BEIJING, June 11 (Xinhuanet) -- Paleontologists often find dinosaur fossils
with heads thrown back, gaping mouths and tails curved toward the head and
assumed they died in water and the currents drifted the bones into that
position, or that rigor mortis or drying muscles, tendons and ligaments
contorted the limbs.
An example of the posture is the 150-million-year-old Archaeopteryx, the
first-known specimen of a feathered dinosaur and the proposed link between
dinosaurs and present-day birds.
"I'm reading this in the literature and thinking, 'This doesn't make any
sense to me as a veterinarian,'" said Cynthia Marshall Faux, a
veterinarian-turned-paleontologist at the Museum of the Rockies.
Faux (pronounced "fox") and a colleague say brain damage and asphyxiation
are the more likely culprits.
"Virtually all articulated specimens of Archaeopteryx are in this posture,
exhibiting a classic pose of head thrown back, jaws open, back and tail reflexed
backward and limbs contracted," said Kevin Padian, professor of integrative
biology and curator in the Museum of Paleontology at the University of
California, Berkeley.
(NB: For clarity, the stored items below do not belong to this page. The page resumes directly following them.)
(* Let $X$ be a compact metrizable abelian group, $T$ a continuous automorphism of $X$, and $Y\le X$ a closed subgroup with $TY=Y$ such that $T|_Y$ is ergodic with respect to the Haar measure of $Y$. Suppose that for some $x\in X$ and $n\in\mathbb{N}$ the coset $x+Y$ satisfies $T^n(x+Y)=x+Y$. Then there exists $x'\in x+Y$ with $T^nx'=x'$. *)

From HB Require Import structures.
From mathcomp Require Import all_boot all_order all_algebra.
From mathcomp Require Import all_classical all_reals all_analysis.
Set Implicit Arguments. Unset Strict Implicit. Unset Printing Implicit Defensive.
Import Order.TTheory GRing.Theory Num.Theory.
Local Open Scope classical_set_scope.
Local Open Scope ring_scope.

Definition metrizable (R : realType) (X : topologicalType) : Prop :=
  exists d : X -> X -> R,
    [/\ forall x y, 0 <= d x y,
        forall x y, d x y = 0 <-> x = y,
        forall x y, d x y = d y x,
        forall x y z, d x z <= d x y + d y z
      & forall A : set X, open A <->
          (forall x, A x -> exists2 e : R, 0 < e & [set y | d x y < e] `<=` A)].

(* topologicalZmodType is not a pointedType; we point X at 0 via a copy zpt X
   (convertible to X) in order to form its Borel sigma-algebra. *)
Definition zpt (X : topologicalZmodType) : Type := X.
HB.instance Definition _ (X : topologicalZmodType) := Choice.on (zpt X).
HB.instance Definition _ (X : topologicalZmodType) :=
  isPointed.Build (zpt X) (0%R : X).
Notation borel X := (g_sigma_algebraType (@open X : set (set (zpt X)))).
He and Faux published their findings last week in the
journal Paleobiology.
Some animals found in this death-throes posture may have suffocated in ash
during a volcanic eruption, consistent with the fact many fossils are found
in ash deposits, Faux and Padian explained. But many other possibilities exist,
including disease, brain trauma, severe bleeding, thiamine deficiency or
poisoning.
"This puts a whole new light on the mode of death of these animals, and
interpretation of the places they died in," Padian said. "This explanation gives
us clues to interpreting a great many fossil horizons we didn't understand
before and tells us something dinosaurs experienced while dying, not after
dying."
The posture appears to be a good indicator the animal was warm
blooded, as other research has suggested, because the posture has been seen
only in dinosaurs, pterosaurs and mammals, which are known or suspected to have
had high metabolic rates. Animals with lower metabolic rates, such as crocodiles
and lizards, use less oxygen and so might have been less traumatically affected
by hypoxia during death throes, Padian said.